Обрываю, — целиком не списать, да и не к чему. Роман так же пестр и цветист, как это перечисление всего, о чем в нем рассказывается, — и кто любит приключения, действие, интриги, неожиданности, происшествия, кому наскучили психологические тонкости, тот, конечно, прочтет «Похождения факира» с редким удовольствием. Каюсь, я еще не пресыщен всем тем, против чего такой роман, как этот, может оказаться реакцией, — и, правду сказать, не думаю, чтобы в нем брезжил «завтрашний день» нашей литературы. Но само по себе, вне всяких теоретических соображений или предсказаний, это создание необыкновенное по силе и непосредственности того, что французы называют «verve», по буйству красок, по напору и фантазии. В центре повествования — сам автор, и рассказывает он, разумеется, не о каком-либо сказочном волшебнике, а о себе. Как он жил в детстве у берегов Иртыша, что видел вокруг себя, как скитался, бродяжничал, искал куска хлеба, пока не стал писателем… Тысячи лиц, тысячи картин, толчея, сутолока, неразбериха, вся пронизанная какой-то дикой волей и удалью, роднящей ивановский роман с некоторыми старыми народными повестями. Никаких проблем: только жизнь, будто стелющаяся по земле, без всяких забот и порывов. Если это и не вполне первоклассная литература, если это явление скорей «любопытное», чем такое, которое оставляет в сознании длительный отзвук и след, то все же это свободное творчество… Оно не служит никакой злободневной цели и никем не подсказано. Именно этим «Похождения факира» и удивительны в современной словесности. Характерно, однако, что свобода дается лишь ценой полуюродства (подзаголовок и стиль его!) или уклонением от всякого толкования фактов, от «точки зрения». Какова бы ни была политика партии в литературе, остается все-таки несомненным, что благосклонность и терпимость возникают лишь в ответ на отказ от мысли. Всеволод Иванов мысли никогда особенно не доверял и никогда, в сущности, ею не дорожил. Пытаясь овладеть ею, он неизменно впадал в рассудочность и схематизм. Потому-то ему и удалось «уцелеть», что отказ почти ничего ему не стоил.
* * *
Несколько лет тому назад в Москве происходил литературный диспут. Обсуждалось, между прочим, произведение одной молодой беллетристки, с тех пор выдвинувшейся и получившей известность. Кто-то из выступавших заметил, что в ее романе чувствуется влияние «Мадам Бовари».
Беллетристка немедленно попросила слова и заявила, что крайне удивлена:
— Очень даже странно слышать это! Прямо скажу, обидно!.. Как же это могла на меня повлиять эта самая госпожа Бовари… или Боварю?.. когда я не только не читала ни одной ее вещи, но и вообще не знала, что была на свете такая писательница?..

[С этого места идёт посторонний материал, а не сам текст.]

Lemma ultraproduct_realizes_type (R : forall n, dom (Ms n) -> Prop)
  (F : mform -> dom P -> Prop) (Fn : mform -> forall n, dom (Ms n) -> Prop)
  (HF : forall I c, F I c <-> U (fun n => Fn I n (c n))) (G D : mform -> Prop) :
  (forall lG lD, Forall G lG -> Forall D lD -> exists c : dom P,
     U (fun n => R n (c n)) /\ Forall (fun I => F I c) lG /\ Forall (fun I => ~ F I c) lD) ->
  exists c : dom P, U (fun n => R n (c n)) /\
    (forall I, G I -> F I c) /\ (forall I, D I -> ~ F I c).
Proof.
  intro Hfin.
  pose (Req := fun k n (x : dom (Ms n)) => R n x /\
          (G (enum_mform k) -> Fn (enum_mform k) n x) /\
          (D (enum_mform k) -> ~ Fn (enum_mform k) n x)).
  assert (Happrox : forall K, exists c : dom P, forall k, k <= K -> U (fun n => Req k n (c n))).
  { intro K.
    destruct (Hfin _ _ (enum_prefix_sound G K) (enum_prefix_sound D K)) as [c [HR [HG HD]]].
    rewrite Forall_forall in HG, HD.
    exists c. intros k Hk. unfold Req. rewrite !U_and, !U_const_imp, U_not by exact HU.
    split; [exact HR | split; intro Hk'; rewrite <- HF].
    - apply HG, enum_prefix_complete; assumption.
    - apply HD, enum_prefix_complete; assumption. }
  destruct (Happrox 0) as [c0 _].
  destruct (uf_countable_saturation U HU _ c0 Req Happrox) as [g Hg].
  exists g. split; [|split].
  - generalize (Hg 0). apply (uf_mono HU). intros n H. apply H.
  - intros I HI. destruct (enum_mform_surj I) as [k <-]. apply HF.
    generalize (Hg k). apply (uf_mono HU). intros n H. apply H, HI.
  - intros I HI. destruct (enum_mform_surj I) as [k <-]. rewrite HF, <- U_not by exact HU.
    generalize (Hg k). apply (uf_mono HU). intros n H. apply H, HI.
Qed.

Lemma ultraproduct_step (p : dom P) (q d : dom Q) :
  mtheory_incl i j P Q p q -> rel Q q d ->
  exists c : dom P, rel P p c /\ mtheory_incl i j P Q c d /\ mtheory_incl i j Q P d c.
Proof.
  intros Hpq Hqd.
  destruct (ultraproduct_realizes_type (fun n => rel (Ms n) (p n))
              (msat i j P) (fun I n => msat i j (Ms n) I) (los_msat U HU Ms i j)
              (fun I => msat i j Q I d) (fun I => ~ msat i j Q I d)) as [c [Hpc [HG HD]]].
  - intros lG lD HlG HlD. apply NNPP; intro Hnone.
    assert (Himp : msat i j P (mimp (mands lG) (mors lD)) p).
    { intros v Hpv HvG. apply NNPP; intro HvD. apply Hnone. exists v.
      split; [exact Hpv | split; [apply msat_mands, HvG | apply not_msat_mors, HvD]]. }
    apply (proj2 (not_msat_mors i j Q lD d) HlD).
    exact (Hpq _ Himp d Hqd (proj2 (msat_mands i j Q lG d) HlG)).
  - exists c. split; [exact Hpc | split; [|exact HG]].
    intros I HcI. apply NNPP; intro HdI. exact (HD I HdI HcI).
Qed.

Lemma ultraproduct_box (p : dom P) (q d : dom Q) :
  mtheory_incl i j P Q p q -> box_rel i Q q d ->
  exists c : dom P, box_rel i P p c /\ mtheory_incl i j P Q c d.
Proof.
  intros Hpq Hqd.
  destruct (ultraproduct_realizes_type (fun n => box_rel i (Ms n) (p n))
              (msat i j P) (fun I n => msat i j (Ms n) I) (los_msat U HU Ms i j)
              (fun _ => False) (fun I => ~ msat i j Q I d)) as [c [Hpc [_ HD]]].
  - intros lG lD HlG HlD. apply NNPP; intro Hnone.
    assert (Hbox : msat i j P (mbox (mors lD)) p).
    { apply msat_mbox. intros v Hpv. apply NNPP; intro HvD. apply Hnone. exists v.
      split; [apply (los_box_rel U HU), Hpv |].
      split; [apply Forall_False, HlG | apply not_msat_mors, HvD]. }
    apply (proj2 (not_msat_mors i j Q lD d) HlD).
    exact (proj1 (msat_mbox i j Q _ q) (Hpq _ Hbox) d Hqd).
  - exists c. split; [apply (los_box_rel U HU), Hpc |].
    intros I HcI. apply NNPP; intro HdI. exact (HD I HdI HcI).
Qed.

Lemma ultraproduct_dia (a c : dom Q) (b : dom P) :
  dia_theory_incl i j Q P a b -> rdia Q a c ->
  exists d : dom P, rdia P b d /\ mtheory_incl i j Q P c d.
Proof.
  intros Hab Hac.
  destruct (ultraproduct_realizes_type (fun n => rdia (Ms n) (b n))
              (msat i j P) (fun I n => msat i j (Ms n) I) (los_msat U HU Ms i j)
              (fun I => msat i j Q I c) (fun _ => False)) as [d [Hbd [HG _]]].
  - intros lG lD HlG HlD.
    destruct (Hab (mands lG)) as [d [Hbd Hd]].
    { exists c. split; [exact Hac | apply msat_mands, HlG]. }
    exists d. split; [exact Hbd | split; [apply msat_mands, Hd | apply Forall_False, HlD]].
  - exists d. split; [exact Hbd | exact HG].
Qed.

Незадолго перед съездом в «Литературной газете» было напечатано сообщение о работе каких-то московских «литкружков». В кружке в течение двух или трех заседаний разбирали «творческие приемы Стендаля». Казалось бы, участники собрания должны были бы быть людьми высокообразованными. Если уж дошло дело до «творческих приемов Стендаля», то, значит, основная литературная грамота пройдена давно!.. Но случайно руководитель упомянул имя Вольтера. Никто не знал, кто это. Один лишь кружковец высказал предположение, что это «известный мистик, с которым полемизировал Карл Маркс».

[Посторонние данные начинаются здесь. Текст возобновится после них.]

(* For $\Re(s)>1$, $$\zeta\big(\mathbb{Z}[X]/(X^2),s\big)=\zeta(s)\,\zeta(2s-1),$$ where $\zeta$ is the Riemann zeta function; in particular this function has a double pole at $s=1$.
   Context: For a commutative ring $R$ with identity in which the number $a_n(R)$ of ideals of index $n$ is finite for every $n\in\mathbb{N}$, $\zeta(R,s)=\sum_{n\ge1}a_n(R)n^{-s}$. *)

From Stdlib Require Import Reals ZArith List.
Open Scope R_scope.

(* Modelled as pairs (a,b) : Z*Z standing for a + b*eps, eps = class of X, eps^2 = 0. *)
Definition DN : Type := (Z * Z)%type.
Definition dn_zero : DN := (0%Z, 0%Z).
Definition dn_add (x y : DN) : DN := (fst x + fst y, snd x + snd y)%Z.
Definition dn_opp (x : DN) : DN := (- fst x, - snd x)%Z.
Definition dn_sub (x y : DN) : DN := dn_add x (dn_opp y).
Definition dn_mul (x y : DN) : DN :=
  (fst x * fst y, fst x * snd y + snd x * fst y)%Z.

Definition is_ideal (I : DN -> Prop) : Prop :=
  I dn_zero /\
  (forall x y, I x -> I y -> I (dn_add x y)) /\
  (forall x, I x -> I (dn_opp x)) /\
  (forall r x, I x -> I (dn_mul r x)).

Definition has_index (I : DN -> Prop) (n : nat) : Prop :=
  exists reps : list DN,
    length reps = n /\
    (forall i j, (i < n)%nat -> (j < n)%nat -> i <> j ->
       ~ I (dn_sub (nth i reps dn_zero) (nth j reps dn_zero))) /\
    (forall x, exists i, (i < n)%nat /\ I (dn_sub x (nth i reps dn_zero))).

Definition ideal_count (n k : nat) : Prop :=
  exists L : list (DN -> Prop),
    length L = k /\
    (forall i, (i < k)%nat -> is_ideal (nth i L (fun _ => False)) /\
                              has_index (nth i L (fun _ => False)) n) /\
    (forall i j, (i < k)%nat -> (j < k)%nat -> i <> j ->
       exists x, ~ (nth i L (fun _ => False) x <-> nth j L (fun _ => False) x)) /\
    (forall I, is_ideal I -> has_index I n ->
       exists i, (i < k)%nat /\ forall x, I x <-> nth i L (fun _ => False) x).

Definition Cpx : Type := (R * R)%type.
Definition Cre (z : Cpx) : R := fst z.
Definition Cmul (z w : Cpx) : Cpx :=
  (fst z * fst w - snd z * snd w, fst z * snd w + snd z * fst w).
Definition Cscale (a : R) (z : Cpx) : Cpx := (a * fst z, a * snd z).

(* n^{-s} for a positive integer n: exp(-s ln n). *)
Definition Cnpow_neg (n : nat) (s : Cpx) : Cpx :=
  let l := ln (INR n) in
  (exp (- fst s * l) * cos (snd s * l), - (exp (- fst s * l) * sin (snd s * l))).

Definition Cseries1 (f : nat -> Cpx) (l : Cpx) : Prop :=
  infinite_sum (fun m => fst (f (S m))) (fst l) /\
  infinite_sum (fun m => snd (f (S m))) (snd l).

Definition is_zeta (s z : Cpx) : Prop := Cseries1 (fun n => Cnpow_neg n s) z.

From Stdlib Require Import Reals ZArith List Lia Lra Classical ClassicalEpsilon Wf_nat.
From Coquelicot Require Import Coquelicot.
Open Scope R_scope.

(* An ideal of index n of Z[X]/(X^2) = {a + bX} is a lattice in Z^2. If e is the least
   positive first coordinate of its elements, (e, b0) one of them, and d X the least positive
   multiple of X in it, then the ideal is spanned by (e, t) and (0, d) with t = b0 mod d; its
   index is d e, and stability under multiplication by X forces d | e. Ideals of index n are
   thus indexed by the pairs (d, t) with d^2 | n and 0 <= t < d, so a_n = sum_{m^2 | n} m and
   sum_n a_n n^-s = sum_m m^(1-2s) sum_k k^-s = zeta(2s-1) zeta(s). The last regrouping holds
   because sum_(m <= N) m^(1-2s) sum_(k <= N/m^2) k^-s tends to the product by Tannery's
   theorem, the series of m^(1-2s) converging absolutely for Re s > 1. *)

Fixpoint rsum (f : nat -> R) (N : nat) : R :=
  match N with O => 0 | S N' => rsum f N' + f (S N') end.

Lemma rsum_ext f g N :
  (forall n, (1 <= n <= N)%nat -> f n = g n) -> rsum f N = rsum g N.
Proof.
  induction N as [|N IH]; intros Hfg; simpl; [reflexivity|].
  rewrite IH, Hfg; [reflexivity|lia|]. intros; apply Hfg; lia.
Qed.

Lemma rsum_plus f g N : rsum (fun n => f n + g n) N = rsum f N + rsum g N.
Proof. induction N; simpl; [ring|rewrite IHN; ring]. Qed.

Lemma rsum_minus f g N : rsum (fun n => f n - g n) N = rsum f N - rsum g N.
Proof. induction N; simpl; [ring|rewrite IHN; ring]. Qed.

Lemma rsum_scal c f N : rsum (fun n => c * f n) N = c * rsum f N.
Proof. induction N; simpl; [ring|rewrite IHN; ring]. Qed.

Lemma rsum_le f g N :
  (forall n, (1 <= n <= N)%nat -> f n <= g n) -> rsum f N <= rsum g N.
Proof.
  induction N as [|N IH]; intros Hfg; simpl; [lra|].
  assert (f (S N) <= g (S N)) by (apply Hfg; lia).
  assert (rsum f N <= rsum g N) by (apply IH; intros; apply Hfg; lia). lra.
Qed.

Lemma rsum_abs f N : Rabs (rsum f N) <= rsum (fun n => Rabs (f n)) N.
Proof.
  induction N; simpl; [rewrite Rabs_R0; lra|].
  eapply Rle_trans; [apply Rabs_triang|lra].
Qed.

Lemma rsum_tail g M N : (M <= N)%nat ->
  rsum (fun m => if Nat.ltb M m then g m else 0) N = rsum g N - rsum g M.
Proof.
  induction 1 as [|N HMN IH].
  - rewrite (rsum_ext _ (fun _ => 0)).
    + assert (rsum (fun _ => 0) M = 0) by (induction M; simpl; lra). lra.
    + intros m Hm. replace (Nat.ltb M m) with false; [reflexivity|].
      symmetry; apply Nat.ltb_ge; lia.
  - simpl. rewrite IH. replace (Nat.ltb M (S N)) with true; [ring|].
    symmetry; apply Nat.ltb_lt; lia.
Qed.

Lemma rsum_nondecreasing_abs f : Un_growing (rsum (fun n => Rabs (f n))).
Proof. intros n. simpl. pose proof (Rabs_pos (f (S n))). lra. Qed.

Lemma infinite_sum_rsum g l :
  infinite_sum (fun m => g (S m)) l <-> Un_cv (rsum g) l.
Proof.
  assert (Hs : forall N, sum_f_R0 (fun m => g (S m)) N = rsum g (S N)).
  { induction N; simpl; [ring|rewrite IHN; reflexivity]. }
  split; intros H eps He; destruct (H eps He) as [N HN].
  - exists (S N). intros [|n] Hn; [lia|]. rewrite <- Hs. apply HN. lia.
  - exists N. intros n Hn. rewrite Hs. apply HN. lia.
Qed.

Definition Rnpow_neg (sg : R) (n : nat) : R := exp (- sg * ln (INR n)).

Lemma Rnpow_neg_pos sg n : 0 < Rnpow_neg sg n.
Proof. apply exp_pos. Qed.

Lemma Rnpow_neg_1 sg : Rnpow_neg sg 1 = 1.
Proof. unfold Rnpow_neg. simpl. rewrite ln_1, Rmult_0_r, exp_0. reflexivity. Qed.

Lemma exp_ge_1_plus u : 1 + u <= exp u.
Proof.
  destruct (Req_dec u 0) as [->|Hu]; [rewrite exp_0; lra|].
  left; apply exp_ineq1; auto.
Qed.

(* The discrete form of [a x^(-a-1) = -(x^(-a))'], by convexity of [exp]. *)
Lemma Rnpow_neg_telescope a N : 0 < a -> (1 <= N)%nat ->
  a * Rnpow_neg (a + 1) (S N) <= Rnpow_neg a N - Rnpow_neg a (S N).
Proof.
  intros Ha HN. unfold Rnpow_neg.
  set (x := ln (INR (S N))). set (y := ln (INR N)).
  assert (HNr : 1 <= INR N) by (apply (le_INR 1); lia).
  assert (ex : exp x = INR N + 1) by (unfold x; rewrite S_INR, exp_ln; lra).
  assert (ey : exp y = INR N) by (unfold y; rewrite exp_ln; lra).
  assert (Hinv : 0 < / (INR N + 1)) by (apply Rinv_0_lt_compat; lra).
  assert (Hxy : / (INR N + 1) <= x - y).
  { pose proof (exp_ge_1_plus (y - x)) as H.
    unfold Rminus in H; rewrite exp_plus, exp_Ropp, ex, ey in H.
    assert (INR N * / (INR N + 1) = 1 - / (INR N + 1)) by (field; lra). lra. }
  assert (Ex : exp (- (a + 1) * x) = exp (- a * x) * / (INR N + 1)).
  { replace (- (a + 1) * x) with (- a * x + - x) by ring.
    rewrite exp_plus, exp_Ropp, ex. reflexivity. }
  assert (Ey : exp (- a * y) = exp (- a * x) * exp (a * (x - y))).
  { rewrite <- exp_plus. f_equal; ring. }
  rewrite Ex, Ey.
  pose proof (exp_ge_1_plus (a * (x - y))). pose proof (exp_pos (- a * x)).
  assert (a * / (INR N + 1) <= a * (x - y)) by (apply Rmult_le_compat_l; lra).
  assert (exp (- a * x) * (a * / (INR N + 1)) <= exp (- a * x) * (exp (a * (x - y)) - 1))
    by (apply Rmult_le_compat_l; lra).
  nra.
Qed.

Lemma rsum_Rnpow_neg_bound sg N : 1 < sg -> rsum (Rnpow_neg sg) N <= 1 + / (sg - 1).
Proof.
  intros Hs. set (a := sg - 1).
  assert (Ha : 0 < a) by (unfold a; lra).
  assert (Hind : forall N, rsum (Rnpow_neg sg) (S N) + Rnpow_neg a (S N) / a <= 1 + / a).
  { induction N0 as [|N0 IH].
    - simpl. rewrite !Rnpow_neg_1. unfold Rdiv. lra.
    - pose proof (Rnpow_neg_telescope a (S N0) Ha ltac:(lia)) as T.
      replace (a + 1) with sg in T by (unfold a; ring).
      simpl rsum in *. apply (Rmult_le_compat_r (/ a)) in T;
        [|left; apply Rinv_0_lt_compat; lra].
      replace (a * Rnpow_neg sg (S (S N0)) * / a) with (Rnpow_neg sg (S (S N0))) in T
        by (field; lra).
      unfold Rdiv in *. lra. }
  assert (0 < / a) by (apply Rinv_0_lt_compat; lra).
  destruct N as [|N]; [simpl; lra|].
  pose proof (Hind N). pose proof (Rnpow_neg_pos a (S N)).
  assert (0 < Rnpow_neg a (S N) / a) by (apply Rdiv_lt_0_compat; lra). lra.
Qed.

Lemma Rnpow_neg_series_cv sg : 1 < sg -> exists l, Un_cv (rsum (Rnpow_neg sg)) l.
Proof.
  intros Hs. destruct (growing_cv (rsum (Rnpow_neg sg))) as [l Hl]; [| |now exists l].
  - intros n. simpl. pose proof (Rnpow_neg_pos sg (S n)). lra.
  - exists (1 + / (sg - 1)). intros x [n ->]. apply rsum_Rnpow_neg_bound; auto.
Qed.

Lemma abs_cv_of_Rnpow_neg_bound (f : nat -> R) sg :
  1 < sg -> (forall n, Rabs (f n) <= Rnpow_neg sg n) ->
  (exists l, Un_cv (rsum f) l) /\ (exists B, Un_cv (rsum (fun n => Rabs (f n))) B).
Proof.
  intros Hs Hf. destruct (Rnpow_neg_series_cv sg Hs) as [l Hl].
  assert (Habs : ex_series (fun m => Rabs (f (S m)))).
  { apply (@ex_series_le R_AbsRing R_CompleteNormedModule _ (fun m => Rnpow_neg sg (S m))).
    - intros n. unfold norm; simpl; unfold abs; simpl. rewrite Rabs_Rabsolu. apply Hf.
    - exists l. apply is_series_Reals, infinite_sum_rsum; auto. }
  split.
  - destruct (ex_series_Rabs _ Habs) as [l' H]. exists l'.
    apply infinite_sum_rsum, is_series_Reals; auto.
  - destruct Habs as [B H]. exists B. apply infinite_sum_rsum, is_series_Reals; auto.
Qed.

Lemma cv_abs_bounded Q q : Un_cv Q q -> exists A, forall K, Rabs (Q K) <= A.
Proof.
  intros H.
  destruct (cauchy_maj _ (CV_Cauchy _ (exist _ q H))) as [Amax HAmax].
  destruct (cauchy_min _ (CV_Cauchy _ (exist _ q H))) as [Amin HAmin].
  exists (Rmax (Rabs Amax) (Rabs Amin)). intros K.
  assert (Q K <= Amax) by (apply HAmax; exists K; reflexivity).
  assert (- Q K <= Amin) by (apply HAmin; exists K; reflexivity).
  unfold Rabs, Rmax; repeat destruct Rcase_abs; repeat destruct Rle_dec; lra.
Qed.

Lemma div_sq_lower_bound K M m N :
  (1 <= m)%nat -> (m <= M)%nat -> (K * (M * M) <= N)%nat -> (K <= N / (m * m))%nat.
Proof.
  intros Hm HmM HN. apply Nat.div_le_lower_bound; [nia|].
  assert (m * m <= M * M)%nat by (apply Nat.mul_le_mono; lia). nia.
Qed.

Эти примеры — из жизни литературной среды в столице. А вот на полях, в колхозах, в самой глубине страны — там, очевидно, другое! Где-то на Дону, как архангел, упавший с неба, появился среди колхозников, сойдя с принужденного снизиться аэроплана — Андрэ Мальро. Колхозники узнали его и устроили ему овацию.
Об этом уже сообщали советские газеты. На последней своей лекции в Париже об этом же рассказал Илья Эренбург, выведя из этого случая целую философию и утверждая, что лучшего доказательства необычайного культурного роста СССР не найти. «Могло ли бы произойти это во Франции? Нет, не могло бы. Французский крестьянин, конечно, не слышал о существовании Мальро». Вывод: лозунг «догнать и перегнать» на фронте культурного строительства выполнен и проведен в жизнь.
Слушая эти рассуждения, я вспомнил стихи Блока:
Величава она, впрочем, только тогда, когда простодушна. Эренбург лучше всякого другого знает, что говорил вздор. Но за кого принимает он свою аудиторию? За кого вообще принимают своих читателей советские журналисты? Этот мелкий случай, мелкий эпизод из единой «творимой легенды» очень характерен, — оттого на нем и стоит остановиться.